Lemma integrable_pnl_increment V t : 0 <= t <= T -> is_va QQ T F pl V ->
  rv_integrable QQ (fun w => pl T w - pl t w).
Proof.
move=> t_bnd plV; have /andP[t0 tT] := t_bnd.
have T_bnd : 0 <= T <= T by rewrite lexx (le_trans t0).
have hG := filtration_sigma_algebra hF t_bnd.
apply: (cond_exp_version_integrable hG _ (plV t t_bnd)).
by apply: measurable_funB; exact: measurable_pnl.
Qed.

Lemma Rintegral_Hproc_increment t A : 0 <= t <= T -> F t A ->
  rv_integrable QQ (fun w => pl T w - pl t w) ->
  \int[QQ]_(w in A) ((Hproc cQ Q cP P q p h taus theta T w + stop K theta T w)
    - (Hproc cQ Q cP P q p h taus theta t w + stop K theta t w))
  = \int[QQ]_(w in A) - (pl T w - pl t w).
Proof.
move=> t_bnd FtA I_dpl; have mA := filtration_measurable hF t_bnd FtA.
have T_bnd : 0 <= T <= T by case/andP: t_bnd => t0 tT; rewrite lexx (le_trans t0).
pose M s w := cQ s w + Q s w + K s w; pose N s w := cP s w + P s w.
have [_ _ _ _ M_mart] := hKd.
have gM : good_process QQ T F M := good_processD hF (good_processD hF gcQ gQ) gK.
have gN : good_process QQ T F N := good_processD hF gcP gP.
have N_mart : martingale QQ T F N := va_martingale hF gcP gP hPva.
have I_stop X u : good_process QQ T F X -> 0 <= u <= T ->
    rv_integrable QQ (stop X theta u).
  by move=> [_ _ iX] u_bnd; exact/iX/(stopping_time_min hF htheta u_bnd).
have I_incr X : good_process QQ T F X ->
    rv_integrable QQ (fun w => stop X theta T w - stop X theta t w).
  by move=> gX; exact: integrableB (I_stop _ _ gX T_bnd) (I_stop _ _ gX t_bnd).
have incr0 X : good_process QQ T F X -> martingale QQ T F X ->
    \int[QQ]_(w in A) (stop X theta T w - stop X theta t w) = 0.
  move=> gX mX; rewrite RintegralB ?(rv_integrableS mA) ?I_stop //.
  by rewrite (optional_stopping hF gX mX t_bnd htheta FtA) subrr.
have I_MN : rv_integrable QQ (fun w => (stop M theta T w - stop M theta t w)
    - (stop N theta T w - stop N theta t w)).
  exact: integrableB (I_incr _ gM) (I_incr _ gN).
rewrite (eq_Rintegral _
  (fun w _ => Hproc_stop_increment cQ Q K cP P q p h taus theta t T w)).
rewrite RintegralB ?(rv_integrableS mA) // RintegralB ?(rv_integrableS mA) ?I_incr //.
by rewrite !incr0 // subrr sub0r RintegralN ?(rv_integrableS mA).
Qed.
+ + + + +
■ Problem statement ■
From the records above, transcribe without alteration every line from the one with "in A) ((Hproc" to the one with "pose M s w := cQ", inclusive.

■ Exercise result ■
  \int[QQ]_(w in A) ((Hproc cQ Q cP P q p h taus theta T w + stop K theta T w)
    - (Hproc cQ Q cP P q p h taus theta t w + stop K theta t w))
  = \int[QQ]_(w in A) - (pl T w - pl t w).
Proof.
move=> t_bnd FtA I_dpl; have mA := filtration_measurable hF t_bnd FtA.
have T_bnd : 0 <= T <= T by case/andP: t_bnd => t0 tT; rewrite lexx (le_trans t0).
pose M s w := cQ s w + Q s w + K s w; pose N s w := cP s w + P s w.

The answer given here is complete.